Cash-strapped cities seek nonprofits’ cash

PJ staff report

With the recession hangover still plaguing cities and towns across the U.S., more municipalities are looking to nonprofits to help plug budget gaps, a new study says.

By seeking “payments in lieu of taxes,” cities and towns aim to recoup some of the revenue they otherwise would collect from landowning nonprofits like hospitals and universities.

Rather than demand such payments, municipalities should collaborate with local nonprofits to craft optimal arrangements, says the study of 117 cities and towns with alternative-payment programs, conducted by Lincoln Institute of Land Policy.

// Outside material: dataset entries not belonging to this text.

Lemma transitive_ball c δ : δ > 0 -> Fs r a (hitting_set M f x (fun z => d c z < δ)).
Proof. intros Hδ. apply Htr; [apply ball_is_open | exists c; rewrite dist_self; lra]. Qed.

(* Returns of x to a small ball at the times a_i m, m in a syndetic set, are
   transported by f^{n_i}: every orbit tuple is uniformly recurrent. *)
Lemma orbit_tuple_uniformly_recurrent n : uniformly_recurrent M f r a (orbit_tuple n).
Proof.
  intros ε Hε.
  destruct (common_radius r (fun i δ => forall z, d x z < δ ->
     d (Nat.iter (n (proj1_sig i)) f x) (Nat.iter (n (proj1_sig i)) f z) < ε)) as [δ [Hδ H]].
  - intros i δ δ' Hd HP z Hz. apply HP. lra.
  - intros i. apply iter_continuous; assumption.
  - destruct (transitive_ball x δ Hδ (fun _ => 0%nat)) as [F' [HF' Hret]].
    exists F'. split; [exact HF'|]. intros m Hm i.
    rewrite prod_map_iter. unfold orbit_tuple. rewrite <- !Nat.iter_add, Nat.add_comm, Nat.iter_add.
    destruct (Hret (proj1_sig i) m (proj2_sig i) Hm) as [_ Hin].
    rewrite Nat.add_0_r in Hin. rewrite dist_sym. apply H, Hin.
Qed.

(* Shifting by n in the definition of F_s[a] brings every orbit tuple near
   the diagonal point. *)
Lemma diagonal_in_orbit_closure n : orbit_closure M f r a (orbit_tuple n) diagonal.
Proof.
  intros δ Hδ.
  destruct (transitive_ball x δ Hδ n) as [F' [HF' Hm]].
  destruct (syndetic_elem F' HF') as [k [Hk1 Hk]].
  exists k. split; [exact Hk1|]. intro i.
  rewrite prod_map_iter. unfold orbit_tuple. simpl. rewrite <- Nat.iter_add.
  destruct (Hm (proj1_sig i) k (proj2_sig i) Hk) as [_ Hin].
  rewrite dist_sym. exact Hin.
Qed.

(* Since x is in particular transitive, orbit tuples are dense in X^r. *)
Lemma orbit_tuple_dense w δ : δ > 0 -> exists n, close δ (orbit_tuple n) w.
Proof.
  intros Hδ.
  assert (H : forall i : idx r, exists p, d (w i) (Nat.iter p f x) < δ).
  { intros i. destruct (transitive_ball (w i) δ Hδ (fun _ => 0%nat)) as [F' [HF' Hm]].
    destruct (syndetic_elem F' HF') as [k [_ Hk]].
    destruct (Hm 0%nat k Hr Hk) as [_ Hin]. eauto. }
  set (g := fun i => proj1_sig (constructive_indefinite_description _ (H i))).
  assert (Hg : forall i, d (w i) (Nat.iter (g i) f x) < δ)
    by (intro i; exact (proj2_sig (constructive_indefinite_description _ (H i)))).
  destruct (idx_extend r 0%nat g) as [n Hn]. exists n. intro i. unfold orbit_tuple.
  rewrite Hn, dist_sym. apply Hg.
Qed.

Lemma diagonal_orbit_dense w : orbit_closure M f r a diagonal w.
Proof.
  apply (is_closed_limit M r _ w (orbit_closure_closed M f r a diagonal)).
  intros δ Hδ. destruct (orbit_tuple_dense w δ Hδ) as [n Hn]. exists (orbit_tuple n).
  split; [|exact Hn].
  apply (uniformly_recurrent_in_closed_invariant M f Hcont r a _ _ diagonal
           (orbit_closure_closed M f r a diagonal) (orbit_closure_invariant M f Hcont r a diagonal)).
  - apply uniformly_recurrent_self, orbit_tuple_uniformly_recurrent.
  - apply orbit_tuple_uniformly_recurrent.
  - apply diagonal_in_orbit_closure.
Qed.

(* (2) => (1): a non-empty closed invariant set contains the (uniformly
   recurrent) diagonal point, whose orbit is dense. *)
Lemma transitive_minimal : multi_minimal_wrt M f r a.
Proof.
  intros A Hcl Hinv [z Hz] w.
  assert (Hdiag : A diagonal).
  { apply (uniformly_recurrent_in_closed_invariant M f Hcont r a A diagonal z Hcl Hinv Hz).
    - apply orbit_tuple_uniformly_recurrent.
    - apply diagonal_orbit_dense. }
  exact (orbit_closure_in_closed_invariant M f r a A diagonal w Hcl Hinv Hdiag
           (diagonal_orbit_dense w)).
Qed.

End TransitiveImpliesMinimal.

Lemma cycle_equiv (A B C : Prop) :
  (A -> C) -> (C -> B) -> (B -> A) -> (A <-> B) /\ (B <-> C).
Proof. tauto. Qed.

Lemma whole_point_transitive M F f :
  inhabited (Base M) -> Trans_is_whole M F f -> F_point_transitive M F f.
Proof. intros [x0] Hall. exists x0. exact (Hall x0). Qed.

Lemma Fs_equivalences M f r a :
  compact_space M -> continuous_map M f -> inhabited (Base M) -> strictly_incr_pos r a ->
  (multi_minimal_wrt M f r a <-> F_point_transitive M (Fs r a) f) /\
  (F_point_transitive M (Fs r a) f <-> Trans_is_whole M (Fs r a) f).
Proof.
  intros Hcomp Hcont Hinh Hs.
  assert (Hr : (0 < r)%nat) by (destruct Hs; lia).
  apply cycle_equiv.
  - exact (minimal_all_transitive M f r a Hcont Hcomp Hs).
  - exact (whole_point_transitive M _ f Hinh).
  - intros [x Hx]. exact (transitive_minimal M f Hcont r a Hr x Hx).
Qed.

Lemma Fs_inf_transitive_point M f x :
  F_transitive_point M Fs_inf f x <->
  forall i, (1 <= i)%nat -> F_transitive_point M (Fs i (fun j => S j)) f x.
Proof.
  split.
  - intros Hx i Hi U HU Hne. exact (Hx U HU Hne i Hi).
  - intros Hx U HU Hne i Hi. exact (Hx i Hi U HU Hne).
Qed.

Lemma one_to_i_strictly_incr_pos i : (1 <= i)%nat -> strictly_incr_pos i (fun j => S j).
Proof. intros Hi. split; [exact Hi | split; [lia | intros; lia]]. Qed.

Theorem theorem6p4 (M : Metric_Space) (f : Base M -> Base M) :
  compact_space M -> continuous_map M f -> inhabited (Base M) ->
  (forall (r : nat) (a : nat -> nat), strictly_incr_pos r a ->
     (multi_minimal_wrt M f r a <-> F_point_transitive M (Fs r a) f) /\
     (F_point_transitive M (Fs r a) f <-> Trans_is_whole M (Fs r a) f)) /\
  ((multi_minimal M f <-> F_point_transitive M Fs_inf f) /\
   (F_point_transitive M Fs_inf f <-> Trans_is_whole M Fs_inf f)).
Proof.
  intros Hcomp Hcont Hinh.
  assert (Heq := fun r a => Fs_equivalences M f r a Hcomp Hcont Hinh).
  split; [exact Heq|]. apply cycle_equiv.
  - intros Hm x. apply Fs_inf_transitive_point. intros i Hi.
    destruct (Heq i _ (one_to_i_strictly_incr_pos i Hi)) as [[Hmin_pt _] [Hpt_all _]].
    exact (Hpt_all (Hmin_pt (Hm i Hi)) x).
  - exact (whole_point_transitive M _ f Hinh).
  - intros [x Hx] i Hi. apply (Heq i _ (one_to_i_strictly_incr_pos i Hi)).
    exists x. exact (proj1 (Fs_inf_transitive_point M f x) Hx i Hi).
Qed.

Nonprofits in all 50 states are exempt from paying property taxes, which typically are used to pay for city services like fire, rescue and police forces, and street maintenance.

To recoup some of those costs, particularly from larger institutions like universities and medical facilities, many municipalities are asking nonprofits to kick in or are charging user fees.

Payments in lieu of taxes, known as PILOTs, can provide much-needed revenue for cities and town, the report says, but they must be used carefully.

“PILOTs are often haphazard, secretive and calculated in an ad-hoc manner that results in widely varying payments among similar nonprofits,” the report’s authors say in a statement. “In addition, a municipality’s attempt to collect PILOTs can prompt a battle with nonprofits and lead to years of contentious, costly and unproductive litigation.”

To maximize success of PILOTs, the report says, such payment programs should be used where there is a good fit between the municipality and the nonprofit.

Cities and towns that are highly dependent on property-tax revenue, and that also have a high percentage of their land owned by nonprofits, are good candidates for PILOTs.

And nonprofits that own large amounts of tax-exempt property, but provide “modest benefits to local residents relative to their tax savings,” are better targets than other nonprofits, the study says.

State governments should consider providing grants to municipalities that host nonprofits, as is done in Connecticut, to compensate for the lost tax revenue.